Keywords: exercise transition; group III-Aδ and IV-C muscle afferents; muscle oxygen uptake kinetics; on-transient oxygen uptake kinetics; oxygen deficit; square-wave exercise.

Fig. 1.

Ideal schematic models illustrating modest-to-moderate intensity (A; <θ_L) compared with high-to-heavy (B; >θ_L) exercise intensity pulmonary O₂ uptake (V̇o₂) on-kinetics.
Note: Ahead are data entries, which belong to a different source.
Definition simplex (N : nat) (v : 'cV[R]_N) : Prop :=
  (forall k, 0 <= v k ord0) /\ \sum_(k < N) v k ord0 = 1.

Definition psd (p : nat) (A : 'M[R]_p) : Prop :=
  A^T = A /\ forall x : 'cV[R]_p, 0 <= (x^T *m A *m x) ord0 ord0.
Definition pd (p : nat) (A : 'M[R]_p) : Prop :=
  A^T = A /\ forall x : 'cV[R]_p, x != 0 -> 0 < (x^T *m A *m x) ord0 ord0.

Definition vnorm (p : nat) (x : 'cV[R]_p) : R :=
  Num.sqrt (\sum_(i < p) x i ord0 ^+ 2).

Definition traj (p : nat) (A : 'M[R]_p) (x0 : 'cV[R]_p) (t : nat) : 'cV[R]_p :=
  iter t (fun x => A *m x) x0.

End Defs.

From HB Require Import structures.
From mathcomp Require Import all_boot all_order all_algebra.
From mathcomp Require Import reals.
From mathcomp Require Import ring lra.
Import Order.TTheory GRing.Theory Num.Theory.
Local Open Scope ring_scope.
Set Implicit Arguments. Unset Strict Implicit. Unset Printing Implicit Defensive.

(* Averaging the vertex LMIs with the weights [thtil] gives the same LMI for
   P(thtil) = sum_k thtil_k P^(k) and A(thtil) = C(F(thtil, K)), since both depend
   affinely on [thtil].  Evaluated at z = (x, - A(thtil) x) this LMI loses the slack
   variable G and reads V(A(thtil) x) <= beta^2 V(x) for V(x) = x^T P(thtil) x.
   As V lies between c |x|^2 and C |x|^2 uniformly in [thtil] (there are finitely
   many positive definite vertices), |x_t| <= sqrt(C / c) beta^t |x_0|. *)

Section QuadraticForms.
Variable R : realFieldType.

Definition sqnorm (p : nat) (x : 'I_p -> R) : R := \sum_(i < p) x i ^+ 2.

Definition qform (p : nat) (Q : 'I_p -> 'I_p -> R) (x : 'I_p -> R) : R :=
  \sum_(j < p) (\sum_(i < p) x i * Q i j) * x j.

Lemma sqnorm_ge0 p (x : 'I_p -> R) : 0 <= sqnorm x.
Proof. by apply: sumr_ge0 => i _; rewrite sqr_ge0. Qed.

Lemma sqnorm_lift0 p (x : 'I_p.+1 -> R) :
  sqnorm x = x ord0 ^+ 2 + sqnorm (fun i => x (lift ord0 i)).
Proof. by rewrite /sqnorm big_ord_recl. Qed.

Lemma sqr_le_sqnorm p (x : 'I_p -> R) i : x i ^+ 2 <= sqnorm x.
Proof.
by rewrite /sqnorm (bigD1 i) //= lerDl; apply: sumr_ge0 => j _; rewrite sqr_ge0.
Qed.

Lemma normM_le_sqnorm p (x : 'I_p -> R) i j : `|x i * x j| <= sqnorm x.
Proof.
have := sqr_le_sqnorm x i; have := sqr_le_sqnorm x j.
rewrite normrM -[x i ^+ 2]real_normK ?num_real // -[x j ^+ 2]real_normK ?num_real //.
have := sqr_ge0 (`|x i| - `|x j|); nra.
Qed.

Lemma qform_le p (Q : 'I_p -> 'I_p -> R) x :
  qform Q x <= (\sum_(j < p) \sum_(i < p) `|Q i j|) * sqnorm x.
Proof.
rewrite /qform mulr_suml; apply: ler_sum => j _.
rewrite !mulr_suml; apply: ler_sum => i _.
apply: le_trans (ler_norm _) _.
rewrite mulrAC normrM mulrC; exact: ler_wpM2l (normM_le_sqnorm _ _ _).
Qed.

Lemma eq_qform p (Q : 'I_p -> 'I_p -> R) x y : x =1 y -> qform Q x = qform Q y.
Proof.
by move=> eq_xy; apply: eq_bigr => j _; rewrite eq_xy; under eq_bigr do rewrite eq_xy.
Qed.

Lemma qformB p (Q1 Q2 : 'I_p -> 'I_p -> R) x :
  qform (fun i j => Q1 i j - Q2 i j) x = qform Q1 x - qform Q2 x.
Proof.
rewrite /qform -sumrB; apply: eq_bigr => j _; rewrite -mulrBl -sumrB.
by congr (_ * _); apply: eq_bigr => i _; rewrite mulrBr.
Qed.

Lemma qform_rank1 p (b : 'I_p -> R) k x :
  qform (fun i j => b i * b j * k) x = (\sum_(i < p) b i * x i) ^+ 2 * k.
Proof.
set S := \sum_(i < p) b i * x i.
rewrite /qform (eq_bigr (fun j => b j * x j * (S * k))) => [|j _].
  by rewrite -mulr_suml -/S; ring.
by rewrite /S !mulr_suml mulr_sumr; apply: eq_bigr => i _; ring.
Qed.

Lemma qform_delta p (Q : 'I_p -> 'I_p -> R) i0 :
  qform Q (fun i => (i == i0)%:R) = Q i0 i0.
Proof.
rewrite /qform.
under eq_bigr => j _ do rewrite mulr_natr mulrb; rewrite -big_mkcond big_pred1_eq.
by under eq_bigr => i _ do rewrite mulr_natl mulrb; rewrite -big_mkcond big_pred1_eq.
Qed.

Lemma qform_lift0 p (Q : 'I_p.+1 -> 'I_p.+1 -> R) x :
  (forall i j, Q i j = Q j i) ->
  qform Q x = Q ord0 ord0 * x ord0 ^+ 2
         + 2 * x ord0 * (\sum_(i < p) Q ord0 (lift ord0 i) * x (lift ord0 i))
         + qform (fun i j => Q (lift ord0 i) (lift ord0 j)) (fun i => x (lift ord0 i)).
Proof.
move=> Qsym; rewrite /qform (big_ord_recl p) /= (big_ord_recl p) /=.
under [X in _ + X = _]eq_bigr => j _ do rewrite big_ord_recl mulrDl.
rewrite big_split /= mulrDl mulr_sumr !addrA; congr (_ + _).
rewrite -addrA mulr_suml -big_split /=; congr (_ + _); first ring.
by apply: eq_bigr => i _; rewrite Qsym; ring.
Qed.

Definition schur_compl p (Q : 'I_p.+1 -> 'I_p.+1 -> R) (i j : 'I_p) : R :=
  Q (lift ord0 i) (lift ord0 j)
  - Q ord0 (lift ord0 i) * Q ord0 (lift ord0 j) * (Q ord0 ord0)^-1.

Lemma qform_schur p (Q : 'I_p.+1 -> 'I_p.+1 -> R) x :
  (forall i j, Q i j = Q j i) -> Q ord0 ord0 != 0 ->
  let s := \sum_(i < p) Q ord0 (lift ord0 i) * x (lift ord0 i) in
  qform Q x = Q ord0 ord0 * (x ord0 + s / Q ord0 ord0) ^+ 2
              + qform (schur_compl Q) (fun i => x (lift ord0 i)).
Proof.
move=> Qsym a_neq0 s; rewrite qform_lift0 // qformB qform_rank1 -/s.
by field.
Qed.

Lemma schur_compl_sym p (Q : 'I_p.+1 -> 'I_p.+1 -> R) :
  (forall i j, Q i j = Q j i) -> forall i j, schur_compl Q i j = schur_compl Q j i.
Proof. by move=> Qsym i j; rewrite /schur_compl [Q (lift ord0 i) _]Qsym; ring. Qed.

Lemma schur_compl_pos p (Q : 'I_p.+1 -> 'I_p.+1 -> R) :
  (forall i j, Q i j = Q j i) -> Q ord0 ord0 != 0 ->
  (forall x, (exists i, x i != 0) -> 0 < qform Q x) ->
  forall y, (exists i, y i != 0) -> 0 < qform (schur_compl Q) y.
Proof.
move=> Qsym a_neq0 Qpos y [i y_i_neq0].
pose s := \sum_(k < p) Q ord0 (lift ord0 k) * y k.
pose x k := if unlift ord0 k is Some k' then y k' else - s / Q ord0 ord0.
have x_lift k : x (lift ord0 k) = y k by rewrite /x liftK.
have x_ord0 : x ord0 = - s / Q ord0 ord0 by rewrite /x unlift_none.
have := Qpos x; rewrite qform_schur // (eq_qform _ x_lift).
under eq_bigr do rewrite x_lift.
rewrite x_ord0 -/s mulNr addNr expr0n mulr0 add0r.
by apply; exists (lift ord0 i); rewrite x_lift.
Qed.

Lemma sqr_dot_le p (b x : 'I_p -> R) :
  (\sum_(i < p) b i * x i) ^+ 2 <= (\sum_(j < p) \sum_(i < p) `|b i * b j|) * sqnorm x.
Proof.
rewrite -[_ ^+ 2]mulr1 -qform_rank1; apply: le_trans (qform_le _ _) _.
by under eq_bigr do under eq_bigr do rewrite mulr1.
Qed.

(* Completing the square in the first coordinate reduces coercivity to that of
   the Schur complement, one dimension lower. *)
Lemma qform_coercive p (Q : 'I_p -> 'I_p -> R) :
  (forall i j, Q i j = Q j i) ->
  (forall x, (exists i, x i != 0) -> 0 < qform Q x) ->
  exists2 c, 0 < c & forall x, c * sqnorm x <= qform Q x.
Proof.
elim: p Q => [|p IH] Q Qsym Qpos.
  by exists 1 => // x; rewrite /sqnorm /qform !big_ord0 mulr0.
set a := Q ord0 ord0.
have a_gt0 : 0 < a.
  by rewrite /a -qform_delta; apply: Qpos; exists ord0; rewrite eqxx oner_neq0.
have a_neq0 : a != 0 by rewrite gt_eqF.
have [c c_gt0 Hc] := IH _ (schur_compl_sym Qsym) (schur_compl_pos Qsym a_neq0 Qpos).
set b := fun i => Q ord0 (lift ord0 i).
pose B := \sum_(j < p) \sum_(i < p) `|b i * b j|.
have B_ge0 : 0 <= B by apply: sumr_ge0 => j _; apply: sumr_ge0.
pose L := 2 * B / a ^+ 2 + 1.
have L_gt0 : 0 < L.
  by apply: ltr_wpDl => //; apply: divr_ge0; [apply: mulr_ge0 | apply: sqr_ge0].
pose mu := Num.min (a / 2) (c / L).
have mu_gt0 : 0 < mu by rewrite lt_min !divr_gt0.
have mu_le_a : mu <= a / 2 by rewrite ge_min lexx.
have muL_le_c : mu * L <= c by rewrite -ler_pdivlMr // ge_min lexx orbT.
exists mu => // x; rewrite sqnorm_lift0 qform_schur // -/a.
set s := \sum_(i < p) _; set u := x ord0 + s / a; set y := fun i => _.
have x0_le : x ord0 ^+ 2 <= 2 * u ^+ 2 + (L - 1) * sqnorm y.
  have : (s / a) ^+ 2 <= B / a ^+ 2 * sqnorm y.
    rewrite expr_div_n [X in _ <= X]mulrAC.
    by apply: ler_wpM2r; rewrite ?invr_ge0 ?sqr_ge0 ?sqr_dot_le.
  have := sqr_ge0 (x ord0 + 2 * (s / a)); rewrite /L /u addrK; nra.
have := Hc y; have := sqnorm_ge0 y; have := sqr_ge0 u; nra.
Qed.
Y_t is V̇o₂ at any time (t); Y_B is resting V̇O₂; A₁ is the amplitude of the steady-state increase in V̇o₂ above rest in phase II (fast primary component); A₂ (when present) is the amplitude of V̇o₂ above phase II (phase III, slow component); TD₁ and TD₂ (when present) are independent unconstrained time delays (phase II and III, respectively); and τ₁ and τ₂ are the time constants for phase II and phase III components, respectively. Phase I (cardiodynamic, limb-to-lung transit time) in these ideal theoretical models was constrained to the first 20 s at the onset of exercise. Compared with A, B shows that oxygen deficit (O₂def) can be increased by the presence of a slow phase III component.

Fig. 2.

Ensemble-averaged on-transient pulmonary V̇o₂ kinetics in 10-s binned periods in representative participants of each group for placebo (PLB) or fentanyl (FNT). A and B: models represent single-exponential functions in heart failure (HF) and healthy control (CTL), respectively. The illustrated time constant (τ) in A and B for both experimental arms reflect an optimal cardiodynamic (phase I) period of 35 s representative of group means (see Tables 2 and 3 for further detail). The percent change noted in both A and B is that of each group (means ± SD) from PLB to FNT. The shaded area in A conceptualizes the influence that a prolonged τ in the absence of differences in steady-state V̇o₂ has on increasing O₂def. The sampling period accounted for >98% (i.e., τ × 4) of the response in A and B. C and D: residual plots of single-exponential function curve fits from A and B in HF and CTL, respectively. Residual plots illustrate single exponential functions fit from time = 0 or from an optimal phase I period extending from 0 to 35 s.

Fig. 3.

O₂def for transitions of exercise instituted from rest beginning at time 0 using a single-exponential function (accounting for an unconstrained time delay, see Eq. 3). Data are expressed as means ± SD. A: absolute O₂def. B: O₂def indexed to relative fixed workloads (in W).